Named entity Recognition (NER) - SoojungHong/TextMining GitHub Wiki
What is Named-entity recognition
Named-entity recognition (NER) (also known as entity identification, entity chunking and entity extraction) is a subtask of information extraction that seeks to locate and classify named entities in text into pre-defined categories such as the names of persons, organizations, locations, expressions of times, quantities, monetary values, percentages, etc.
Most research on NER systems has been structured as taking an unannotated block of text, such as this one:
Jim bought 300 shares of Acme Corp. in 2006.
And producing an annotated block of text that highlights the names of entities:
[Jim]Person bought 300 shares of [Acme Corp.]Organization in [2006]Time.
NER platforms
- Dataturks - An online annotation tool to build datasets for NER. Visual UI to easily build domain-specific NER datasets in a format compatible with OpenNLP, CoreNLP etc libraries.
- BRAT an open source downloadable annotation tool for NER. Requires a little bit of setup but works well for single user use cases.

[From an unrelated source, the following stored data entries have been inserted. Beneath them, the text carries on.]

Lemma walk_up_honest i : 0 < i <= n -> (walk i.-1 < walk i)%R -> honest_idx w i.
Proof.
case: i => [//|i] /andP[_ iN]; rewrite walkS // /honest_idx iN /=.
by case: (wbit w i.+1) => /=; lia.
Qed.

Definition catalan_slot i t := [/\ 0 < i <= t,
  forall s, s < i -> (walk s < walk i)%R &
  forall s, i <= s <= t -> (walk i <= walk s)%R].
End Walk.

Section HonestDepth.
Variables (n : nat) (w : n.-tuple bool) (F : tree).
Local Notation V := ('I_(tsz F).+1).
Local Notation rt := (Defs.root F).
Hypothesis F_fork : is_fork w F.

Lemma fork_lab_le (v : V) : lab v <= n. Proof. by case: F_fork. Qed.
Lemma fork_lab_root : lab rt = 0. Proof. by case: F_fork. Qed.
Lemma fork_lab_par (v : V) : v != rt -> lab (par v) < lab v.
Proof. by case: F_fork => _ _ + _ _; apply. Qed.

Lemma fork_lab_gt0 (v : V) : v != rt -> 0 < lab v.
Proof. by move/fork_lab_par; apply: leq_ltn_trans. Qed.

Lemma honest_lab_uniq (y z : V) : honest_idx w (lab y) -> lab y = lab z -> y = z.
Proof.
move=> hy E; have [_ _ _ H3 _] := F_fork.
have /eqP/card1P[x Ax] := H3 _ hy.
by have := Ax y; have := Ax z; rewrite !inE E eqxx => /esym/eqP -> /esym/eqP ->.
Qed.

Lemma honest_lab_exists j : honest_idx w j -> exists y : V, lab y = j.
Proof.
move=> hj; have [_ _ _ H3 _] := F_fork.
have /eqP/card1P[x Ax] := H3 _ hj.
by exists x; have := Ax x; rewrite !inE eqxx => /eqP.
Qed.

Lemma honest_vertex_cases (y : V) :
  honest_vertex w y -> y = rt \/ (y != rt /\ honest_idx w (lab y)).
Proof. by rewrite /honest_vertex; case: (eqVneq y rt) => [->|ny] /=; [left|right]. Qed.

Lemma depth_lt_honest (y z : V) : honest_vertex w y -> honest_vertex w z ->
  lab y < lab z -> depth y < depth z.
Proof.
move=> hy hz lt.
have nz : z != rt by apply: contraTneq lt => ->; rewrite fork_lab_root.
case: (honest_vertex_cases hy) => [->|[ny hy']]; first by rewrite depth_root depth_gt0.
case: (honest_vertex_cases hz) => [E|[_ hz']]; first by move/eqP: nz.
have [_ _ _ _ H4] := F_fork.
have [Ty Ly] := tine_toP fork_lab_par y; have [Tz Lz] := tine_toP fork_lab_par z.
by apply: (H4 _ _ (lab y) (lab z)); rewrite // /tine_lab ?Ly ?Lz.
Qed.

Lemma depth_le_honest (y z : V) : honest_vertex w y -> honest_vertex w z ->
  lab y <= lab z -> depth y <= depth z.
Proof.
move=> hy hz; rewrite leq_eqVlt => /orP[/eqP E|/(depth_lt_honest hy hz)/ltnW //].
case: (honest_vertex_cases hy) => [Ey|[ny hy']]; last by rewrite (honest_lab_uniq hy' E).
case: (honest_vertex_cases hz) => [-> |[nz _]]; first by rewrite Ey.
by move: (fork_lab_gt0 nz); rewrite -E Ey fork_lab_root.
Qed.

(* By (F4), every honest index after [lab u] adds one to the depth. *)
Lemma honest_depth_growth (u : V) j : honest_vertex w u -> lab u <= j -> j <= n ->
  exists y : V, [/\ honest_vertex w y, lab u <= lab y <= j &
                   depth u + honest_in w (lab u) j <= depth y].
Proof.
move=> hu; elim: j => [|j IH] uj jn.
  by exists u; rewrite leqnn uj /honest_in sub0n addn0.
case: (leqP (lab u) j) => [uj'|ju]; last first.
  have E : lab u = j.+1 by lia.
  by exists u; rewrite E leqnn /honest_in subnn addn0.
have [y [hy /andP[uy yj] dy]] := IH uj' (ltnW jn).
rewrite honest_inS //; case: (boolP (honest_idx w j.+1)) => hj; last first.
  by exists y; rewrite addn0 uy (leq_trans yj).
have [z Lz] := honest_lab_exists hj.
have hz : honest_vertex w z by rewrite /honest_vertex Lz hj orbT.
exists z; rewrite Lz leqnn (leq_trans uy (leq_trans yj (leqnSn j))); split => //.
have yz : lab y < lab z by rewrite Lz ltnS.
by have := depth_lt_honest hy hz yz; move: dy; lia.
Qed.

Lemma adversarial_segment_size (p seg : seq V) : tine (p ++ seg) ->
  ~~ has (@honest_vertex _ w F) seg ->
  size seg <= adv_in w (lab (last rt p)) (lab (last rt (p ++ seg))).
Proof.
elim/last_ind: seg => [//|seg y IH]; rewrite -rcons_cat => T NH.
have lt := lab_last_lt fork_lab_par T.
move: T; rewrite tine_rcons => /andP[T /childP[_ ny]].
have := lab_last_catl fork_lab_par T.
move: NH; rewrite has_rcons negb_or => /andP[+ /(IH T)].
rewrite /honest_vertex negb_or => /andP[_ hy].
have rng : 0 < lab y <= n by rewrite fork_lab_le fork_lab_gt0.
have advy := adv_idxN_honest rng hy.
rewrite last_rcons size_rcons; move: lt advy.
set a := lab _; set b := lab _; set c := lab y => lt advy IH' ab.
by rewrite (adv_inD w ab (ltnW lt)); have := adv_in_gt0 lt advy; lia.
Qed.
End HonestDepth.

(* A longest tine skipping the Catalan slot [i] would, from its last honest
   vertex [u] before [i] on, use at least as many adversarial as honest
   indices, while after [lab u] the honest indices outnumber the adversarial
   ones. *)
Section SlotOnLongestTines.
Variables (n : nat) (w : n.-tuple bool) (F : tree).
Local Notation V := ('I_(tsz F).+1).
Local Notation rt := (Defs.root F).
Hypothesis F_fork : is_fork w F.
Variables (i h : nat).
Hypothesis slot : catalan_slot w i n.
Hypothesis F_height : height_le F h.

Local Notation lab_par := (fork_lab_par F_fork).

Lemma longest_tine_no_adversarial_tail (p seg : seq V) :
  tine (p ++ seg) -> size (p ++ seg) = h ->
  honest_vertex w (last rt p) -> lab (last rt p) < i ->
  ~~ has (@honest_vertex _ w F) seg -> False.
Proof.
case: slot => /andP[_ iN] walk_lt walk_ge Tt St hu lu NH.
have du := depth_last lab_par (tine_catl Tt).
have sc := adversarial_segment_size F_fork Tt NH.
have bn := fork_lab_le F_fork (last rt (p ++ seg)).
have ab := lab_last_catl lab_par Tt.
have un := fork_lab_le F_fork (last rt p).
have [y [hy _ dy]] := honest_depth_growth F_fork hu un (leqnn n).
have yh := F_height (proj1 (tine_toP lab_par y)).
have Xn : (walk w i <= walk w n)%R by apply: walk_ge; rewrite iN leqnn.
have := walkB w un; have := walk_lt _ lu; have := adv_inD w ab bn.
by move: St dy yh; rewrite size_cat /depth in du *; lia.
Qed.

Lemma tine_no_honest_jump_over_slot (p seg : seq V) z :
  tine (rcons (p ++ seg) z) -> honest_vertex w (last rt p) -> lab (last rt p) < i ->
  ~~ has (@honest_vertex _ w F) seg -> honest_vertex w z -> i < lab z -> False.
Proof.
case: slot => /andP[_ iN] walk_lt walk_ge Tz hu lu NH hz iz.
have := Tz; rewrite tine_rcons => /andP[Tps _].
have du := depth_last lab_par (tine_catl Tps).
have dz := depth_last lab_par Tz; rewrite last_rcons size_rcons size_cat in dz.
have sc := adversarial_segment_size F_fork Tps NH.
have bz := lab_last_lt lab_par Tz.
have ab := lab_last_catl lab_par Tps.
have zn := fork_lab_le F_fork z.
have uz := ltn_trans lu iz.
have [y [hy /andP[_ yz] dy]] := honest_depth_growth F_fork hu (ltnW uz) zn.
have dyz := depth_le_honest F_fork hy hz yz.
have nz : z != rt by apply: (mem_tine_neq_root Tz); rewrite mem_rcons mem_head.
have [E|[_ hz']] := honest_vertex_cases hz; first by rewrite E eqxx in nz.
have := honest_in_pred w uz; rewrite hz' => E0.
have bz' : lab (last rt (p ++ seg)) <= (lab z).-1 by lia.
have uz' : lab (last rt p) <= (lab z).-1 by lia.
have Xz : (walk w i <= walk w (lab z).-1)%R by apply: walk_ge; lia.
have := adv_inD w ab bz'; have := walkB w uz'; have := walk_lt _ lu.
by move: E0 dy dyz dz du sc; lia.
Qed.

Lemma longest_tine_through_slot (t : seq V) : tine t -> size t = h ->
  exists2 x, x \in t & lab x = i.
Proof.
move=> Tt St.
case: (boolP (has (fun x => lab x == i) t)) => [/hasP[x xt /eqP]|/hasPn NI]; first by exists x.
have [/andP[i0 _] _ _] := slot.
suff /(_ [::] t erefl) : forall p q, t = p ++ q ->
    honest_vertex w (last rt p) -> lab (last rt p) < i -> False.
  by rewrite /= (fork_lab_root F_fork) /honest_vertex eqxx => /(_ isT i0).
move=> p q; have [k] := ubnP (size q); elim: k p q => // k IH p q Sq Et hu lu.
move: Tt St; rewrite Et => Tt St.
case: (boolP (has (@honest_vertex _ w F) q)) => [hq|nq]; last first.
  exact: longest_tine_no_adversarial_tail Tt St hu lu nq.
case: (split_find hq) Et Tt St Sq => z seg rest hz nseg Et.
rewrite catA -rcons_cat !size_cat !size_rcons => Tt St Sq.
have Sr : size rest < k by lia.
have Tz : tine (rcons (p ++ seg) z) := tine_catl Tt.
case: (ltngtP (lab z) i) => [zi|iz|zi].
- by apply: (IH (rcons (p ++ seg) z) rest Sr); rewrite ?last_rcons ?Et ?catA -?rcons_cat.
- exact: tine_no_honest_jump_over_slot Tz hu lu nseg hz iz.
- by move: (NI z); rewrite Et mem_cat mem_cat mem_rcons mem_head orbT zi eqxx => /(_ isT).
Qed.
End SlotOnLongestTines.

Lemma forkable_no_catalan_slot n (w : n.-tuple bool) i :
  forkable w -> ~ catalan_slot w i n.
Proof.
move=> [F [FF [h [[_ HF] [s1 [s2 [T1 T2 D S1 S2]]]]]]] slot.
have [x1 x1s L1] := longest_tine_through_slot FF slot HF T1 S1.
have [x2 x2s L2] := longest_tine_through_slot FF slot HF T2 S2.
have hi : honest_idx w i.
  have [/andP[i0 iN] walk_lt _] := slot.
  by apply: walk_up_honest; [rewrite i0 | apply: walk_lt; rewrite ltn_predL].
have E12 : x1 = x2 by apply: (honest_lab_uniq FF); rewrite ?L1 ?L2.
subst x2; move/allP: D => /(_ _ (par_edge_in_tine T1 x1s)).
by rewrite (par_edge_in_tine T2 x2s).
Qed.

(* The state [(G, E)] after reading a prefix of [w]: if [G > 0] then the
   current walk value exceeds a Catalan slot by [G - 1]; the walk is never
   more than [E] below its past values. *)
Definition step (s : nat * nat) (b : bool) : nat * nat :=
  if b then (s.1.-1, s.2.+1)
  else (if (0 < s.1) || (s.2 == 0) then s.1.+1 else 0, s.2.-1).

Definition walk_state n (w : n.-tuple bool) t := foldl step (0, 0) (take t w).

Section WalkState.
Variables (n : nat) (w : n.-tuple bool).
Local Notation X := (walk w).

Lemma walk_stateS t : t < n -> walk_state w t.+1 = step (walk_state w t) (wbit w t.+1).
Proof. by move=> tn; rewrite /walk_state (take_nth false) ?size_tuple // -cats1 foldl_cat. Qed.

Lemma catalan_slotS i t : catalan_slot w i t -> (X i <= X t.+1)%R -> catalan_slot w i t.+1.
Proof.
case=> /andP[i0 it] lt ge ge'; split => //; first by rewrite i0 ltnW.
move=> r /andP[ir]; rewrite leq_eqVlt => /orP[/eqP -> //|].
by rewrite ltnS => rt; apply/ge/andP.
Qed.

Definition state_inv t (s : nat * nat) := let: (G, E) := s in
  (forall r, r <= t -> (X r <= X t + E%:Z)%R) /\
  (0 < G -> exists i, catalan_slot w i t /\ X t = (X i + (G.-1)%:Z)%R).

Lemma state_inv_adv t s : t < n -> wbit w t.+1 -> state_inv t s ->
  state_inv t.+1 (step s true).
Proof.
move=> tn b; have := walkS w tn; rewrite b => XS; case: s => G E [HE HG] /=.
split => [r|G1].
  by rewrite leq_eqVlt => /orP[/eqP -> | /HE]; lia.
have [|i [slot EX]] := HG; first lia.
by exists i; split; [apply: catalan_slotS slot _|]; lia.
Qed.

- SpaCy features fast statistical NER as well as an open-source named entity visualizer.
- GATE supports NER across many languages and domains out of the box, usable via graphical interface and also Java API
- OpenNLP includes rule-based and statistical named-entity recognition
- Stanford University also has the Stanford Named Entity Recognizer
Problem definition
Full named-entity recognition is often broken down, conceptually and possibly also in implementations,[6] as two distinct problems: detection of names, and classification of the names by the type of entity they refer to (e.g. person, organization, location and other[7]). The first phase is typically simplified to a segmentation problem: names are defined to be contiguous spans of tokens, with no nesting, so that "Bank of America" is a single name, disregarding the fact that inside this name, the substring "America" is itself a name. This segmentation problem is formally similar to chunking. The second phase requires choosing an ontology by which to organize categories of things.
Approach to solve
NER systems have been created that use linguistic grammar-based techniques as well as statistical models such as machine learning. Hand-crafted grammar-based systems typically obtain better precision, but at the cost of lower recall and months of work by experienced computational linguists. Statistical NER systems typically require a large amount of manually annotated training data. Semisupervised approaches have been suggested to avoid part of the annotation effort.
Many different classifier types have been used to perform machine-learned NER, with conditional random fields being a typical choice.